— Welk geld? Bent u soms niet goed bij uw hoofd? We hebben met uw zoon kinderen, een hypotheek en twee leningen, en u zegt dat we u ook nog eens vijftigduizend per maand moeten geven? Moet u niet oppassen dat u niet te ver gaat?!

— Wat? Kirjoesja, begrijp je het niet? Ze heeft me beledigd! Jij moet…

— Ik begrijp het heel goed, — onderbrak hij haar met dezelfde dode toon. Hij begon haar langzaam uit de keuken richting de voordeur te leiden. Haar benen raakten verstrikt, ze probeerde zich schrap te zetten, maar hij bleef onverbiddelijk doorgaan. — Ik heb begrepen dat je in mijn huis bent gekomen om mijn vrouw te vernederen. Ik heb begrepen dat je denkt dat je kunt eisen wat wij niet kunnen geven, en dat je mijn gezin kunt beledigen als je nul op het rekest krijgt.

Ze stonden al in de hal. Hij liet haar elleboog niet los. Alina bleef in de keuken; ze bewoog geen centimeter, alsof ze versteend was.

— Mam, kijk me aan, — hij stopte bij de deur en dwong haar haar ogen naar hem op te heffen. — Dit is mijn huis. Alina is mijn vrouw. De kinderen zijn mijn kinderen. Dit is mijn gezin. En ik laat niemand het kapotmaken. Niemand. Zelfs jij niet.

Hij deed de voordeur open. Koude lucht van het trappenhuis stroomde de woning binnen.

— En kom hier niet meer, — sprak hij elk woord duidelijk uit, als een rechter die een vonnis voorleest. — Bel niet. Kom niet langs. Totdat je de kracht in jezelf vindt om je te verontschuldigen. Niet bij mij. Bij haar.

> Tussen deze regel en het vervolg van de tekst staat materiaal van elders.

Lemma balance_nested_outer (t c mu1 mu2 : R) :
  balance (nested_config t) (nested_masses mu1 mu2) c ord0 0 0 =
    - 4 * mu1 * (outer_edge ^- 3 - c) + (t - 1) * mu2 * (radial_dist t ^- 3 - c)
    - (t + 3) * mu2 * (cross_dist t ^- 3 - c).
Proof.
rewrite /balance summxE big_mkcond !big_ord_recl big_ord0 /=.
rewrite /nested_masses /nested_config /tetra /= !pt3Z !pt3B !enorm_pt3 !mxE /=.
by fold_distances t; ring.
Qed.

Lemma balance_nested_inner (t c mu1 mu2 : R) :
  balance (nested_config t) (nested_masses mu1 mu2) c (@Ordinal 8 4 isT) 0 0 =
    (1 - t) * mu1 * (radial_dist t ^- 3 - c) - (1 + 3 * t) * mu1 * (cross_dist t ^- 3 - c)
    - 4 * t * mu2 * (inner_edge t ^- 3 - c).
Proof.
rewrite /balance summxE big_mkcond !big_ord_recl big_ord0 /=.
rewrite /nested_masses /nested_config /tetra /= !pt3Z !pt3B !enorm_pt3 !mxE /=.
by fold_distances t; ring.
Qed.

Lemma inner_edgeE (t : R) : 0 <= t -> inner_edge t = t * outer_edge.
Proof. by move=> t_ge0; rewrite /inner_edge mulrC sqrtrM ?sqrtr_sqr ?ger0_norm ?sqr_ge0. Qed.

Lemma radial_distE (t : R) : t <= 1 -> radial_dist t = Num.sqrt 3 * (1 - t).
Proof. by move=> t_le1; rewrite /radial_dist sqrtrM ?sqrtr_sqr ?ger0_norm ?subr_ge0. Qed.

Lemma sqr_radial_dist (t : R) : radial_dist t ^+ 2 = 3 * (1 - t) ^+ 2.
Proof. by rewrite /radial_dist sqr_sqrtr // mulr_ge0 ?sqr_ge0. Qed.

Lemma cross_radicand_gt0 (t : R) : 0 < 3 + 2 * t + 3 * t ^+ 2.
Proof. nra. Qed.

Lemma sqr_cross_dist (t : R) : cross_dist t ^+ 2 = 3 + 2 * t + 3 * t ^+ 2.
Proof. by rewrite /cross_dist sqr_sqrtr // ltW // cross_radicand_gt0. Qed.

Lemma cross_dist_gt0 (t : R) : 0 < cross_dist t.
Proof. by rewrite /cross_dist sqrtr_gt0 cross_radicand_gt0. Qed.

End NestedTetrahedra.

Arguments outer_edge {R}.

Section MassCoefficients.
Variable R : realType.
Implicit Types t : R.

Definition mass_coef1 t : R :=
  t ^+ 2 * (4 * t * outer_edge ^- 3 + (1 - t) * radial_dist t ^- 3
            - (1 + 3 * t) * cross_dist t ^- 3).

Definition mass_coef2 t : R :=
  4 * outer_edge ^- 3 - t ^+ 3 * (1 - t) * radial_dist t ^- 3
  - t ^+ 3 * (t + 3) * cross_dist t ^- 3.

Lemma outer_edge_gt0 : 0 < outer_edge :> R.
Proof. by rewrite sqrtr_gt0. Qed.

Lemma central_nested_mass_relation t (mu1 mu2 : R) : 0 < t ->
    central_configuration (nested_config t) (nested_masses mu1 mu2) ->
  mu2 * mass_coef2 t = mu1 * mass_coef1 t.
Proof.
move=> t_gt0 [_ [c balanced]].
have outer_eq := balance_nested_outer t c mu1 mu2.
have inner_eq := balance_nested_inner t c mu1 mu2.
rewrite (balanced _ : balance _ _ _ _ = 0) mxE in outer_eq.
rewrite (balanced _ : balance _ _ _ _ = 0) mxE in inner_eq.
rewrite inner_edgeE ?ltW // in inner_eq.
(* [c] has coefficient [4 (mu1 + mu2)] in [outer_eq] and [t] times that in [inner_eq]. *)
apply/eqP; rewrite -subr_eq0; apply/eqP.
transitivity (t ^+ 2 * (t * 0 - 0)); last by ring.
rewrite {1}outer_eq {1}inner_eq /mass_coef1 /mass_coef2.
set Y := radial_dist t ^- 3; set Z := cross_dist t ^- 3.
by field; rewrite !gt_eqF ?outer_edge_gt0.
Qed.

Lemma cross_radial_poly_le t : 0 < t < 1 ->
  27 * ((1 + 3 * t) * (1 - t) ^+ 2) ^+ 2 <= (3 + 2 * t + 3 * t ^+ 2) ^+ 3.
Proof.
move=> /andP[t_gt0 t_lt1].
have -> : (3 + 2 * t + 3 * t ^+ 2) ^+ 3 = 27 * ((1 + 3 * t) * (1 - t) ^+ 2) ^+ 2
    + t ^+ 2 * (360 + 224 * t - 720 * t ^+ 2 + 864 * t ^+ 3 - 216 * t ^+ 4) by ring.
rewrite lerDl mulr_ge0 ?sqr_ge0 //; nra.
Qed.

Lemma cross_radial_le t : 0 < t < 1 ->
  (1 + 3 * t) * radial_dist t ^+ 3 <= (1 - t) * cross_dist t ^+ 3.
Proof.
move=> t01; case/andP: (t01) => t_gt0 t_lt1.
have radial_ge0 : 0 <= radial_dist t by exact: sqrtr_ge0.
rewrite -(ler_pXn2r (n := 2)) // ?nnegrE; last 2 first.
- by rewrite mulr_ge0 ?exprn_ge0 //; lra.
- by rewrite mulr_ge0 ?exprn_ge0 ?ltW ?cross_dist_gt0 //; lra.
rewrite (exprMn _ (1 + 3 * t)) (exprMn _ (1 - t)) !(exprAC _ 3 2) sqr_radial_dist sqr_cross_dist.
have := cross_radial_poly_le t01; have := sqr_ge0 (1 - t); nra.
Qed.

Lemma mass_coef1_gt0 t : 0 < t < 1 -> 0 < mass_coef1 t.
Proof.
move=> t01; case/andP: (t01) => t_gt0 t_lt1.
have radial_gt0 : 0 < radial_dist t by rewrite radial_distE ?ltW ?mulr_gt0 ?sqrtr_gt0 ?subr_gt0.
have cross_le_radial : (1 + 3 * t) * cross_dist t ^- 3 <= (1 - t) * radial_dist t ^- 3.
  rewrite ler_pdivrMr ?exprn_gt0 ?cross_dist_gt0 // mulrAC ler_pdivlMr ?exprn_gt0 //.
  exact: cross_radial_le.
have outer_term_gt0 : 0 < 4 * t * outer_edge ^- 3.
  by rewrite !mulr_gt0 // invr_gt0 exprn_gt0 // outer_edge_gt0.
rewrite /mass_coef1 mulr_gt0 ?exprn_gt0 //; lra.
Qed.

Lemma sgr_central_masses t (mu1 mu2 : R) : mu2 != 0 -> 0 < t < 1 ->
    central_configuration (nested_config t) (nested_masses mu1 mu2) ->
  Num.sg (mu1 * mu2) = Num.sg (mass_coef2 t).
Proof.
move=> mu2_neq0 /[dup] t01 /andP[t_gt0 _] cc.
apply: sgr_mul_proportional mu2_neq0 (mass_coef1_gt0 t01) _.
exact: central_nested_mass_relation t_gt0 cc.
Qed.

Lemma cross_ratio_lt s t : 0 < s -> s < t -> s / cross_dist s < t / cross_dist t.
Proof.
move=> s_gt0 s_lt_t; have t_gt0 := lt_trans s_gt0 s_lt_t.
rewrite ltr_pdivrMr ?cross_dist_gt0 // mulrAC ltr_pdivlMr ?cross_dist_gt0 //.
rewrite -(ltr_pXn2r (n := 2)) ?nnegrE ?mulr_ge0 ?ltW ?cross_dist_gt0 //.
rewrite !exprMn !sqr_cross_dist -subr_gt0.
have -> : t ^+ 2 * (3 + 2 * s + 3 * s ^+ 2) - s ^+ 2 * (3 + 2 * t + 3 * t ^+ 2)
    = (t - s) * (3 * (t + s) + 2 * t * s) by ring.
by rewrite mulr_gt0 ?subr_gt0 // addr_gt0 ?mulr_gt0 ?addr_gt0.
Qed.

Lemma mass_coef2_decreasing : {in `]0, 1[ &, {homo mass_coef2 : s t /~ s < t}}.
Proof.
move=> s t; rewrite !in_itv /= => /andP[s_gt0 s_lt1] /andP[t_gt0 t_lt1] t_lt_s.
have radial_term (x : R) : 0 < x < 1 ->
    x ^+ 3 * (1 - x) * radial_dist x ^- 3 = (Num.sqrt 3 ^+ 3)^-1 * (x ^+ 3 / (1 - x) ^+ 2).
  move=> /andP[x_gt0 x_lt1]; rewrite radial_distE ?ltW //.
  by field; rewrite !gt_eqF ?sqrtr_gt0 ?subr_gt0.
have cross_term (x : R) : x ^+ 3 * (x + 3) * cross_dist x ^- 3 = (x + 3) * (x / cross_dist x) ^+ 3.
  by field; rewrite gt_eqF ?cross_dist_gt0.
have radial_lt : t ^+ 3 / (1 - t) ^+ 2 < s ^+ 3 / (1 - s) ^+ 2.
  apply: ltr_pM; first (by rewrite exprn_ge0 // ltW); first by rewrite invr_ge0 sqr_ge0.
    by rewrite ltrXn2r // ltW.
  rewrite ltf_pV2 ?posrE ?exprn_gt0 ?subr_gt0 // ltrXn2r ?subr_ge0 ?ltW //.
  by rewrite ltrD2l ltrN2.
have cross_lt : (t + 3) * (t / cross_dist t) ^+ 3 < (s + 3) * (s / cross_dist s) ^+ 3.
  apply: ltr_pM; rewrite ?ltrD2r ?ltrXn2r ?cross_ratio_lt ?exprn_ge0 ?divr_ge0 ?ltW
    ?cross_dist_gt0 //.
  by rewrite addr_gt0.
have inv_sqrt3_gt0 : 0 < (Num.sqrt 3 ^+ 3)^-1 :> R by rewrite invr_gt0 exprn_gt0 ?sqrtr_gt0.
have := radial_lt; rewrite -(ltr_pM2l inv_sqrt3_gt0) => scaled_radial_lt.
rewrite /mass_coef2 !radial_term ?s_gt0 ?t_gt0 // !cross_term; lra.
Qed.

Lemma mass_coef2_half_gt0 : 0 < mass_coef2 (1 / 2 : R).
Proof.
have outer_lb : (8 * 3)^-1 <= outer_edge ^- 3 :> R by apply: sqrt_inv_cube_ge; lra.
have radial_ub : radial_dist (1 / 2 : R) ^- 3 <= (3 / 4 * (17 / 20))^-1.
  rewrite /radial_dist (_ : 3 * _ = 3 / 4); last by field.
  by apply: sqrt_inv_cube_le; lra.
have cross_ub : cross_dist (1 / 2 : R) ^- 3 <= (19 / 4 * (21 / 10))^-1.
  rewrite /cross_dist (_ : 3 + 2 * (1 / 2) + 3 * (1 / 2) ^+ 2 = 19 / 4 :> R); last by field.
  by apply: sqrt_inv_cube_le; lra.
rewrite /mass_coef2; lra.
Qed.

Lemma mass_coef2_nine_tenths_lt0 : mass_coef2 (9 / 10 : R) < 0.
Proof.
have outer_ub : outer_edge ^- 3 <= (8 * 2)^-1 :> R by apply: sqrt_inv_cube_le; lra.
have radial_lb : (3 / 100 * (1 / 5))^-1 <= radial_dist (9 / 10 : R) ^- 3.
  rewrite /radial_dist (_ : 3 * _ = 3 / 100); last by field.
  by apply: sqrt_inv_cube_ge; lra.
have cross_ge0 : 0 <= cross_dist (9 / 10 : R) ^- 3 by rewrite invr_ge0 exprn_ge0 ?sqrtr_ge0.
rewrite /mass_coef2; lra.
Qed.

End MassCoefficients.

Theorem theorem6 (R : realType) :
  exists delta : R, 0 < delta < 1 /\
    (forall t mu1 mu2 : R, mu1 != 0 -> mu2 != 0 ->
       0 < t < delta ->
       central_configuration (nested_config t) (nested_masses mu1 mu2) ->
       0 < mu1 * mu2) /\
    (forall t mu1 mu2 : R, mu1 != 0 -> mu2 != 0 ->
       delta < t < 1 ->
       central_configuration (nested_config t) (nested_masses mu1 mu2) ->
       mu1 * mu2 < 0).
Proof.
have [half_gt0 half_lt ninetenths_lt1] :
  [/\ 0 < 1 / 2 :> R, 1 / 2 < 9 / 10 :> R & 9 / 10 < 1 :> R] by split; lra.
have [delta [/andP[half_le_delta delta_le] coef2_gt0 coef2_lt0]] :=
  decreasing_sign_change (@mass_coef2_decreasing R) half_gt0 half_lt ninetenths_lt1
    (mass_coef2_half_gt0 R) (mass_coef2_nine_tenths_lt0 R).
exists delta; split; first by apply/andP; split; lra.
split=> t mu1 mu2 _ mu2_neq0 /andP[t_lb t_ub] cc.
- have t_in : t \in `]0, delta[ by rewrite in_itv /= t_lb.
  have t01 : 0 < t < 1 by apply/andP; split; lra.
  have := sgr_central_masses mu2_neq0 t01 cc.
  by rewrite (gtr0_sg (coef2_gt0 t t_in)) => /eqP; rewrite sgr_cp0.
- have t_in : t \in `]delta, 1[ by rewrite in_itv /= t_lb.
  have t01 : 0 < t < 1 by apply/andP; split; lra.
  have := sgr_central_masses mu2_neq0 t01 cc.
  by rewrite (ltr0_sg (coef2_lt0 t t_in)) => /eqP; rewrite sgr_cp0.
Qed.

Hij duwde haar zachtjes over de drempel en, zonder op antwoord te wachten, zonder naar haar van schok en haat verwrongen gezicht te kijken, deed hij de deur dicht. Hij draaide de sleutel om. Eén keer. Een tweede keer. De klikken klonken in de stilte van het appartement als schoten. Daarna leunde hij met zijn voorhoofd tegen het koude hout van de deur en sloot zijn ogen.